[Task brief]: Some entries follow. Reproduce exactly the lines starting at the one with "Proof. now exists 0, k. Qed." and stopping after the one with "thinner p q -> (forall".

================================

(* Let $k\ge 1$ be an integer, $\Delta\ge 0$, and let $w_1\ge w_2\ge\cdots\ge w_N\ge 0$ be reals (with the convention $w_j:=0$ for $j>N$). Suppose that $w_1+w_{k+1}<\tfrac79$, $w_{2k+1}\le\Delta$, and $\sum_{j=1}^N w_j>k\left(\tfrac79+\Delta\right)$. Then the values $w_j$ with $j>3k$ can be divided fractionally among $k$ bundles so that, for every $r\in\{1,\dots,k\}$, bundle $r$ consists of $w_r,w_{k+r},w_{2k+r}$ plus its share of the tail and has total value greater than $\tfrac79+\Delta$. Formally, there exist reals $x_{r,j}\ge 0$ ($1\le r\le k$, $3k<j\le N$) with $\sum_{r=1}^k x_{r,j}=w_j$ for all $j>3k$ and $$w_r+w_{k+r}+w_{2k+r}+\sum_{j>3k}x_{r,j}>\tfrac79+\Delta\quad\text{for all } r\in\{1,\dots,k\}.$$
   Context: In the paper, the $w_j$ are agent $i$'s values (normalized so that her target is 1) of the items of the witness allocation in round $k$, $\Delta$ is the largest value among witness items worth less than $2/9$ (at most $2k$ items are worth at least $2/9$, which gives $w_{2k+1}\le\Delta$), and the sum hypothesis is the ''Water-Level Condition'' that every one of the $k$ witness bundles is worth more than $\tfrac79+\Delta$. Items of small value (''water'') are treated as fractionally divisible. *)

From mathcomp Require Import all_boot all_order all_algebra.
Set Implicit Arguments. Unset Strict Implicit. Unset Printing Implicit Defensive.
Import Order.TTheory GRing.Theory Num.Theory.
Local Open Scope ring_scope.

(* Values w_1,...,w_N given by w : nat -> R (indices 1..N);
   wext N w j is w_j with the convention w_j := 0 for j > N (and for j = 0). *)
Definition wext (R : realFieldType) (N : nat) (w : nat -> R) (j : nat) : R :=
  if (1 <= j <= N)%N then w j else 0.

(* Each bundle's three large items are dominated termwise by w_1, w_(k+1), w_(2k+1),
   so every bundle falls short of 7/9 + Delta by a positive deficit.  The sum
   hypothesis says exactly that the tail beyond index 3k exceeds the total deficit;
   handing each tail item out in proportion to the deficits therefore gives every
   bundle strictly more than its deficit. *)
From mathcomp Require Import all_boot all_order all_algebra.
From mathcomp Require Import zify lra.
Set Implicit Arguments. Unset Strict Implicit. Unset Printing Implicit Defensive.

Import Order.TTheory GRing.Theory Num.Theory.
Local Open Scope ring_scope.

Lemma proportional_shares (R : realFieldType) (I J : eqType)
    (s : seq I) (t : seq J) (d : I -> R) (v : J -> R) :
  s != [::] -> (forall r, r \in s -> 0 < d r) -> (forall j, j \in t -> 0 <= v j) ->
  \sum_(r <- s) d r < \sum_(j <- t) v j ->
  exists x : I -> J -> R,
    [/\ forall r j, r \in s -> j \in t -> 0 <= x r j,
        forall j, \sum_(r <- s) x r j = v j
      & forall r, r \in s -> d r < \sum_(j <- t) x r j].
Proof.
move=> s_nz d_gt0 v_ge0 sum_lt.
set D := \sum_(r <- s) d r; set T := \sum_(j <- t) v j.
have D_gt0 : 0 < D.
  have [r0 r0s] : exists r0, r0 \in s.
    by case: s s_nz {d_gt0 sum_lt D T} => // r0 ? _; exists r0; rewrite mem_head.
  rewrite /D (big_rem r0 r0s) ltr_pwDl ?d_gt0 // big_seq sumr_ge0 // => r /mem_rem rs.
  by rewrite ltW ?d_gt0.
exists (fun r j => v j * (d r / D)); split.
- by move=> r j rs jt; rewrite mulr_ge0 ?divr_ge0 ?v_ge0 ?ltW ?d_gt0.
- by move=> j; rewrite -mulr_sumr -mulr_suml divff ?mulr1 ?gt_eqF.
- move=> r rs; rewrite -mulr_suml -/T mulrA ltr_pdivlMr //.
  by rewrite mulrC ltr_pM2r ?d_gt0.
Qed.

Lemma sum_nat_three_blocks (R : nmodType) (f : nat -> R) (k : nat) :
  \sum_(1 <= j < (3 * k).+1) f j =
  \sum_(1 <= r < k.+1) (f r + f (k + r)%N + f (2 * k + r)%N).
Proof.
have shift a : \sum_(a.+1 <= j < (a + k).+1) f j = \sum_(1 <= r < k.+1) f (a + r)%N.
  rewrite -(add1n a) big_addn; have -> : ((a + k).+1 - a = k.+1)%N by lia.
  by apply: eq_bigr => r _; rewrite addnC.
rewrite !big_split -shift -(shift (2 * k)%N).
have [-> ->] : (k + k = 2 * k)%N /\ (2 * k + k = 3 * k)%N by lia.
by rewrite -!big_cat_nat //; lia.
Qed.

Section ZeroExtension.
Variables (R : realFieldType) (N : nat) (w : nat -> R).

Lemma sum_wext_cat n : \sum_(1 <= j < N.+1) w j =
  \sum_(1 <= j < n.+1) wext N w j + \sum_(n.+1 <= j < N.+1) w j.
Proof.
elim: n => [|n IH]; first by rewrite [X in _ = X + _]big_geq // add0r.
rewrite IH [X in _ = X + _]big_nat_recr //= -addrA; congr (_ + _).
rewrite /wext; case: (ltnP n.+1 N.+1) => h.
  by rewrite big_ltn // ifT //; lia.
by rewrite !big_geq ?ifF ?addr0 //; lia.
Qed.

Hypothesis w_ge0 : forall j, (1 <= j <= N)%N -> 0 <= w j.
Hypothesis w_noninc : forall j, (1 <= j)%N -> (j < N)%N -> w j.+1 <= w j.

Lemma wext_noninc i j : (1 <= i <= j)%N -> wext N w j <= wext N w i.
Proof.
move=> /andP[i_ge1 le_ij].
apply: (homo_leq_in (D := [pred n | 0 < n]%N) (f := wext N w) (r := fun a b => b <= a))
  => //=.
- by move=> y x z yx zy; apply: le_trans zy yx.
- by move=> a b _ _ c; rewrite !inE; lia.
- move=> a; rewrite !inE /wext => a_gt0 _; case: (ltnP a N) => aN /=.
    by rewrite [X in _ <= X]ifT ?w_noninc //; lia.
  by case: ifP => // /w_ge0.
- by rewrite inE (leq_trans i_ge1).
Qed.

End ZeroExtension.

Theorem lemma5p5 (R : realFieldType) (k N : nat) (Delta : R) (w : nat -> R) :
  (1 <= k)%N -> 0 <= Delta ->
  (forall j : nat, (1 <= j)%N -> (j < N)%N -> w j.+1 <= w j) ->
  (forall j : nat, (1 <= j <= N)%N -> 0 <= w j) ->
  wext N w 1 + wext N w k.+1 < 7 / 9 ->
  wext N w (2 * k).+1 <= Delta ->
  \sum_(1 <= j < N.+1) w j > k%:R * (7 / 9 + Delta) ->
  exists x : nat -> nat -> R,
    (forall (r : nat) (j : nat), (1 <= r <= k)%N -> (3 * k < j <= N)%N -> 0 <= x r j) /\
    (forall j : nat, (3 * k < j <= N)%N -> \sum_(1 <= r < k.+1) x r j = w j) /\
    (forall r : nat, (1 <= r <= k)%N ->
       wext N w r + wext N w (k + r) + wext N w (2 * k + r)
         + \sum_((3 * k).+1 <= j < N.+1) x r j > 7 / 9 + Delta).
Proof.
move=> k_ge1 _ w_noninc w_ge0 top_lt mid_le sum_gt.
set c := 7 / 9 + Delta.
set a := fun r => wext N w r + wext N w (k + r) + wext N w (2 * k + r).
have deficit_gt0 r : r \in index_iota 1 k.+1 -> 0 < c - a r.
  rewrite mem_index_iota => r_range; rewrite subr_gt0 /a /c.
  have noninc i j : (1 <= i <= j)%N -> wext N w j <= wext N w i.
    exact: wext_noninc.
  have : wext N w r <= wext N w 1 by apply: noninc; lia.
  have : wext N w (k + r) <= wext N w k.+1 by apply: noninc; lia.
  have : wext N w (2 * k + r) <= wext N w (2 * k).+1 by apply: noninc; lia.
  lra.
have tail_ge0 j : j \in index_iota (3 * k).+1 N.+1 -> 0 <= w j.
  by rewrite mem_index_iota => j_range; apply: w_ge0; lia.
have deficit_lt_tail :
    \sum_(1 <= r < k.+1) (c - a r) < \sum_((3 * k).+1 <= j < N.+1) w j.
  move: sum_gt; rewrite (sum_wext_cat _ _ (3 * k)) sum_nat_three_blocks sumrB.
  by rewrite sumr_const_nat subn1 /= mulr_natl /c /a ltrBlDl.
have [|x [x_ge0 x_sum x_big]] := proportional_shares _ deficit_gt0 tail_ge0 deficit_lt_tail.
  by rewrite -size_eq0 size_iota; lia.
exists x; split; [|split].
- by move=> r j r_range j_range; apply: x_ge0; rewrite mem_index_iota; lia.
- by move=> j _; apply: x_sum.
- move=> r r_range; have r_in : r \in index_iota 1 k.+1 by rewrite mem_index_iota; lia.
  by rewrite -ltrBlDl; apply: x_big.
Qed.
(* Let $a:=f'(0)>0$ and let $x^*$ be the smallest positive root of $f$, or $x^*=\infty$ if $f(x)>0$ for all $x>0$. Define, for $x\in(0,x^* )$, $$G(x):=\int_0^x\Big(\frac1{f(u)}-\frac1{au}\Big)du+\frac1a\log x .$$ Then the integral is finite, $G$ is a continuous strictly increasing bijection from $(0,x^* )$ onto $\mathbb R$, and for every $x>0$ the limit $$H(x):=\lim_{t\to\infty}\phi_t\big(xe^{-at}\big)$$ exists, the convergence being uniform over $x$ in compact subsets of $(0,\infty)$, and $$H(x)=G^{-1}\Big(\tfrac1a\log x\Big).$$
   Context: $f:\mathbb R_+\to\mathbb R$ is twice continuously differentiable with bounded second derivative, $f(0)=0$, $a=f'(0)>0$, and $f$ satisfies $(y-x)(f(y)-f(x))\le a(y-x)^2$ for all $x,y\ge0$ (in particular $f(x)\le ax$ for $x\ge 0$). $\phi_t(x)$ denotes the flow of the ODE $\dot x_t=f(x_t)$, i.e. the value at time $t$ of the solution started at $x$. *)

From Stdlib Require Import Reals Lra.
Open Scope R_scope.

(* (0, x^* ) : x^* is the smallest positive root of f (or +infinity).
   x lies in (0, x^* ) iff x > 0 and f has no root in (0, x]. *)
Definition below_xstar (f : R -> R) (x : R) : Prop :=
  0 < x /\ forall u, 0 < u <= x -> f u <> 0.

Definition improper_int0 (g : R -> R) (x I : R) : Prop :=
  forall eps, 0 < eps -> exists delta, 0 < delta /\
    forall e, 0 < e < delta ->
      exists pr : Riemann_integrable g e x, Rabs (RiemannInt pr - I) < eps.

(* phi is the (forward) flow of x' = f(x) on R_+ :
   phi t x is the value at time t >= 0 of the solution started at x >= 0. *)
Definition is_flow (f : R -> R) (phi : R -> R -> R) : Prop :=
  forall x, 0 <= x ->
    phi 0 x = x /\
    (forall eps, 0 < eps -> exists delta, 0 < delta /\
       forall s, 0 <= s < delta -> Rabs (phi s x - x) < eps) /\
    (forall t, 0 < t -> derivable_pt_lim (fun s => phi s x) t (f (phi t x))).
(* (a) If $\mathcal{T}_1=(V,\mathsf{p}_1)$ and $\mathcal{T}_2=(V,\mathsf{p}_2)$ are directed forests, then $\mathcal{T}_1$ is thinner than $\mathcal{T}_2$ if and only if $\mathrm{Chi}_{\mathcal{T}_1}(v)\subseteq\mathrm{Chi}_{\mathcal{T}_2}(v)$ for every $v\in V$. (b) Thickness (''thinner than'') is a partial order on the set of all directed forests with a fixed set of vertices $V$. (c) The degenerate forest $(V,\mathrm{id}_V)$ is the smallest element with respect to this partial order among directed forests with vertex set $V$. (d) The maximal elements with respect to this partial order are precisely the directed trees and the rootless directed forests.
   Context: A directed forest is a pair $\mathcal{T}=(V,\mathsf{p})$ where $V$ is a nonempty set and $\mathsf{p}\colon V\to V$ satisfies: if $n\in\mathbb{N}$, $v\in V$ and $\mathsf{p}^n(v)=v$, then $\mathsf{p}(v)=v$. Roots: $\mathrm{root}(\mathcal{T})=\{v:\mathsf{p}(v)=v\}$; $\mathcal{T}$ is rootless if it has no roots. Children: $\mathrm{Chi}_{\mathcal{T}}(v)=\{u\in V:\mathsf{p}(u)=v\neq u\}$. The trees of $\mathcal{T}$ are the connected components of the graph with vertex set $V$ and edges $\{\mathsf{p}(u),u\}$ for $u\notin\mathrm{root}(\mathcal{T})$ (equivalently, classes of the relation $u\sim w$ iff $\mathsf{p}^m(u)=\mathsf{p}^n(w)$ for some $m,n\geq0$). A directed tree is a directed forest having exactly one tree. For directed forests $\mathcal{T}_1=(V,\mathsf{p}_1)$, $\mathcal{T}_2=(V,\mathsf{p}_2)$ on the same vertex set, $\mathcal{T}_1$ is thinner than $\mathcal{T}_2$ ($\mathcal{T}_2$ thicker than $\mathcal{T}_1$) if $\mathsf{p}_1(v)\in\{v,\mathsf{p}_2(v)\}$ for all $v\in V$. *)

From Stdlib Require Import Arith.

Definition piter {V : Type} (n : nat) (p : V -> V) (v : V) : V := Nat.iter n p v.

(* Directed forest: every periodic point of p (period n >= 1) is a fixed point.
   (n ranges over positive naturals; n = 0 would force p = id.) *)
Definition directed_forest {V : Type} (p : V -> V) : Prop :=
  forall (n : nat) (v : V), piter (S n) p v = v -> p v = v.

Definition is_root {V : Type} (p : V -> V) (v : V) : Prop := p v = v.

Definition rootless {V : Type} (p : V -> V) : Prop := forall v : V, ~ is_root p v.

Definition Chi {V : Type} (p : V -> V) (v u : V) : Prop := p u = v /\ v <> u.

Definition same_tree {V : Type} (p : V -> V) (u w : V) : Prop :=
  exists m n : nat, piter m p u = piter n p w.

(* A directed tree: a directed forest with exactly one tree
   (V is assumed nonempty, so: all vertices lie in the same tree). *)
Definition directed_tree {V : Type} (p : V -> V) : Prop :=
  directed_forest p /\ forall u w : V, same_tree p u w.

Definition thinner {V : Type} (p1 p2 : V -> V) : Prop :=
  forall v : V, p1 v = v \/ p1 v = p2 v.

(** A forest [p] can only be thickened by redirecting some of its roots.  If
    [p] is a tree, the only root [r] is reachable from every vertex, and in a
    thicker forest [q] the new parent [q r] would climb back to [r] along
    [p]-edges that [q] keeps, closing a cycle; if [p] is rootless there is
    nothing to redirect.  Conversely, if [p] has a root [r] and a vertex [x]
    outside the tree of [r], sending [r] to [x] gives a strictly thicker
    forest: a cycle through [r] would have to return from the tree of [x],
    where the new map agrees with [p] and never meets [r]. *)

From Stdlib Require Import Arith Classical FunctionalExtensionality ClassicalEpsilon.

Section Iterates.

Context {V : Type} (p : V -> V).

Lemma piter_S_r n v : piter (S n) p v = piter n p (p v).
Proof. unfold piter. induction n as [|n IH]; simpl in *; [reflexivity|now rewrite <- IH]. Qed.

Lemma piter_add a b v : piter (a + b) p v = piter a p (piter b p v).
Proof. unfold piter. induction a as [|a IH]; simpl; [reflexivity|now rewrite IH]. Qed.

Lemma piter_root r m : p r = r -> piter m p r = r.
Proof. intro Hr. unfold piter. induction m as [|m IH]; simpl; [reflexivity|now rewrite IH]. Qed.

Lemma same_tree_refl v : same_tree p v v.
Proof. now exists 0, 0. Qed.

Lemma same_tree_sym u w : same_tree p u w -> same_tree p w u.
Proof. intros [m [n H]]. now exists n, m. Qed.

Lemma same_tree_trans u v w : same_tree p u v -> same_tree p v w -> same_tree p u w.
Proof.
  intros [a [b H1]] [c [d H2]]. exists (c + a), (b + d).
  rewrite piter_add, H1, <- piter_add, Nat.add_comm, piter_add, H2, <- piter_add.
  reflexivity.
Qed.

Lemma same_tree_piter k v : same_tree p (piter k p v) v.
Proof. now exists 0, k. Qed.

End Iterates.

Section Thickness.

Context {V : Type}.
Implicit Types p q s : V -> V.

Lemma thinnerP p q : thinner p q <-> forall v u, Chi p v u -> Chi q v u.
Proof.
  split.
  - intros T v u [Hu Hvu]. destruct (T u) as [E|E].
    + congruence.
    + split; congruence.
  - intros H v. destruct (classic (p v = v)) as [E|E]; [now left|right].
    destruct (H (p v) v) as [Hq _]; [split; auto|congruence].
Qed.

Lemma thinner_refl p : thinner p p.
Proof. now right. Qed.

Lemma thinner_antisym p q : thinner p q -> thinner q p -> p = q.
Proof.
  intros T1 T2. apply functional_extensionality. intro v.
  destruct (T1 v), (T2 v); congruence.
Qed.

Lemma thinner_trans p q s : thinner p q -> thinner q s -> thinner p s.
Proof. intros T1 T2 v. destruct (T1 v), (T2 v); [left|left|left|right]; congruence. Qed.

Lemma directed_forest_id : directed_forest (fun v : V => v).
Proof. now intros n v _. Qed.

Lemma thinner_id p : thinner (fun v : V => v) p.
Proof. now left. Qed.

Lemma thinner_off_root p q v : thinner p q -> p v <> v -> q v = p v.
Proof. intros T Hv. now destruct (T v). Qed.

End Thickness.

Section Maximal.

Context {V : Type}.
Implicit Types p q : V -> V.

Lemma rootless_thinner_eq p q : rootless p -> thinner p q -> q = p.
Proof.
  intros R T. apply functional_extensionality. intro v.
  destruct (T v) as [E|E]; [exfalso; exact (R v E)|now symmetry].
Qed.

Lemma piter_thinner_to_root p q r m w :
  thinner p q -> (forall u, p u = u -> u = r) ->
  piter m p w = r -> exists k, piter k q w = r.
Proof.
  intros T Runiq. revert w. induction m as [|m IH]; intros w Hw.
  - now exists 0.
  - destruct (classic (w = r)) as [->|Ew]; [now exists 0|].
    assert (Hq : q w = p w) by (apply thinner_off_root; auto).
    rewrite piter_S_r in Hw. destruct (IH _ Hw) as [k Hk].
    exists (S k). now rewrite piter_S_r, Hq.
Qed.

Lemma connected_thinner_eq p q :
  (forall u w, same_tree p u w) -> directed_forest q -> thinner p q -> q = p.
Proof.
  intros Hconn Fq T. apply functional_extensionality. intro v.
  destruct (T v) as [Hv|E]; [rewrite Hv|now symmetry].
  assert (Runiq : forall u, p u = u -> u = v).
  { intros u Hu. destruct (Hconn u v) as [m [n H]].
    now rewrite !piter_root in H. }
  destruct (Hconn (q v) v) as [m [n H]]. rewrite (piter_root p v n Hv) in H.
  destruct (piter_thinner_to_root p q v m (q v) T Runiq H) as [k Hk].
  apply (Fq k v). now rewrite piter_S_r.
Qed.

End Maximal.

Definition redirect {V : Type} (p : V -> V) (r x : V) (v : V) : V :=
  if excluded_middle_informative (v = r) then x else p v.

Section Redirect.

Context {V : Type} (p : V -> V) (r x : V).
Hypothesis root_r : p r = r.
Hypothesis x_off_tree : ~ same_tree p x r.

Let q := redirect p r x.

Lemma redirect_at : q r = x.
Proof. unfold q, redirect. now destruct (excluded_middle_informative (r = r)). Qed.

Lemma redirect_off v : v <> r -> q v = p v.
Proof. intro Hv. unfold q, redirect. now destruct (excluded_middle_informative (v = r)). Qed.

Lemma thinner_redirect : thinner p q.
Proof.
  intro v. destruct (classic (v = r)) as [->|Ev]; [now left|right].
  now rewrite redirect_off.
Qed.

Lemma redirect_neq : q <> p.
Proof.
  intro E. apply x_off_tree. rewrite <- redirect_at, E, root_r.
  apply same_tree_refl.
Qed.

Lemma off_tree_neq y : same_tree p y x -> y <> r.
Proof. intros Hy ->. now apply x_off_tree, same_tree_sym. Qed.

Lemma piter_redirect_in_tree k y : same_tree p y x -> piter k q y = piter k p y.
Proof.
  intro Hy. induction k as [|k IH]; [reflexivity|].
  change (q (piter k q y) = p (piter k p y)). rewrite IH.
  apply redirect_off, off_tree_neq, (same_tree_trans p _ y); [apply same_tree_piter|exact Hy].
Qed.

Lemma same_tree_piter_redirect k y : same_tree p y x -> same_tree p (piter k q y) x.
Proof.
  intro Hy. rewrite piter_redirect_in_tree by exact Hy.
  apply (same_tree_trans p _ y); [apply same_tree_piter|exact Hy].
Qed.

(* A [q]-path agrees with the [p]-path until it passes [r], and from then on
   it stays in the tree of [x]. *)
Lemma piter_redirect_cases k v :
  piter k q v = piter k p v \/ same_tree p (piter k q v) x.
Proof.
  induction k as [|k [E|Hx]]; [now left| |].
  - change (q (piter k q v) = p (piter k p v) \/ same_tree p (q (piter k q v)) x).
    destruct (classic (piter k q v = r)) as [Er|Er].
    + right. rewrite Er, redirect_at. apply same_tree_refl.
    + left. now rewrite redirect_off, E.
  - right. change (same_tree p (q (piter k q v)) x).
    rewrite redirect_off by now apply off_tree_neq.
    apply (same_tree_trans p _ (piter k q v)); [apply (same_tree_piter p 1)|exact Hx].
Qed.

Lemma directed_forest_redirect : directed_forest p -> directed_forest q.
Proof.
  intros Fp n v Hc. destruct (classic (v = r)) as [->|Ev].
  - exfalso. rewrite piter_S_r, redirect_at in Hc.
    apply x_off_tree, same_tree_sym. rewrite <- Hc.
    apply same_tree_piter_redirect, same_tree_refl.
  - rewrite redirect_off by exact Ev. apply (Fp n).
    destruct (piter_redirect_cases (S n) v) as [E|Hx]; [congruence|].
    rewrite Hc in Hx. rewrite <- (piter_redirect_in_tree (S n) v Hx). exact Hc.
Qed.

End Redirect.

Lemma maximal_tree_or_rootless {V : Type} (p : V -> V) :
  directed_forest p ->
  (forall q, directed_forest q -> thinner p q -> q = p) ->
  directed_tree p \/ rootless p.
Proof.
  intros Fp Hmax. destruct (classic (rootless p)) as [R|R]; [now right|left].
  destruct (not_all_not_ex _ _ (fun N => R (fun v Hv => N v Hv))) as [r Hr].
  split; [exact Fp|].
  assert (Hconn : forall u, same_tree p u r).
  { intro u. apply NNPP. intro Hu.
    apply (redirect_neq p r u Hr Hu).
    apply Hmax; [now apply directed_forest_redirect|now apply thinner_redirect]. }
  intros u w. apply (same_tree_trans p _ r); [apply Hconn|apply same_tree_sym, Hconn].
Qed.

Theorem theorem3p5 (V : Type) (HV : inhabited V) :
  (* (a) *)
  (forall p1 p2 : V -> V, directed_forest p1 -> directed_forest p2 ->
     (thinner p1 p2 <-> forall v u : V, Chi p1 v u -> Chi p2 v u))
  /\
  (* (b) partial order on directed forests with vertex set V *)
  ((forall p : V -> V, directed_forest p -> thinner p p)
   /\ (forall p q : V -> V, directed_forest p -> directed_forest q ->
         thinner p q -> thinner q p -> p = q)
   /\ (forall p q r : V -> V, directed_forest p -> directed_forest q ->
         directed_forest r -> thinner p q -> thinner q r -> thinner p r))
  /\
  (* (c) the degenerate forest is the least element *)
  (directed_forest (fun v : V => v)
   /\ forall p : V -> V, directed_forest p -> thinner (fun v : V => v) p)
  /\
  (* (d) maximal elements = directed trees and rootless directed forests *)
  (forall p : V -> V, directed_forest p ->
     ((forall q : V -> V, directed_forest q -> thinner p q -> q = p)
      <-> (directed_tree p \/ rootless p))).
Proof.
  split; [|split; [|split]].
  - intros p1 p2 _ _. apply thinnerP.
  - split; [|split].
    + intros p _. apply thinner_refl.
    + intros p q _ _. apply thinner_antisym.
    + intros p q r _ _ _. apply thinner_trans.
  - split; [apply directed_forest_id|intros p _; apply thinner_id].
  - intros p Fp. split; [now apply maximal_tree_or_rootless|].
    intros [[_ Hconn]|R] q Fq T.
    + now apply connected_thinner_eq.
    + now apply rootless_thinner_eq.
Qed.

================================

[Solution to this problem]:
Proof. now exists 0, k. Qed.

End Iterates.

Section Thickness.

Context {V : Type}.
Implicit Types p q s : V -> V.

Lemma thinnerP p q : thinner p q <-> forall v u, Chi p v u -> Chi q v u.
Proof.
  split.
  - intros T v u [Hu Hvu]. destruct (T u) as [E|E].
    + congruence.
    + split; congruence.
  - intros H v. destruct (classic (p v = v)) as [E|E]; [now left|right].
    destruct (H (p v) v) as [Hq _]; [split; auto|congruence].
Qed.

Lemma thinner_refl p : thinner p p.
Proof. now right. Qed.

Lemma thinner_antisym p q : thinner p q -> thinner q p -> p = q.
Proof.
  intros T1 T2. apply functional_extensionality. intro v.
  destruct (T1 v), (T2 v); congruence.
Qed.

Lemma thinner_trans p q s : thinner p q -> thinner q s -> thinner p s.
Proof. intros T1 T2 v. destruct (T1 v), (T2 v); [left|left|left|right]; congruence. Qed.

Lemma directed_forest_id : directed_forest (fun v : V => v).
Proof. now intros n v _. Qed.

Lemma thinner_id p : thinner (fun v : V => v) p.
Proof. now left. Qed.

Lemma thinner_off_root p q v : thinner p q -> p v <> v -> q v = p v.
Proof. intros T Hv. now destruct (T v). Qed.

End Thickness.

Section Maximal.

Context {V : Type}.
Implicit Types p q : V -> V.

Lemma rootless_thinner_eq p q : rootless p -> thinner p q -> q = p.
Proof.
  intros R T. apply functional_extensionality. intro v.
  destruct (T v) as [E|E]; [exfalso; exact (R v E)|now symmetry].
Qed.

Lemma piter_thinner_to_root p q r m w :
  thinner p q -> (forall u, p u = u -> u = r) ->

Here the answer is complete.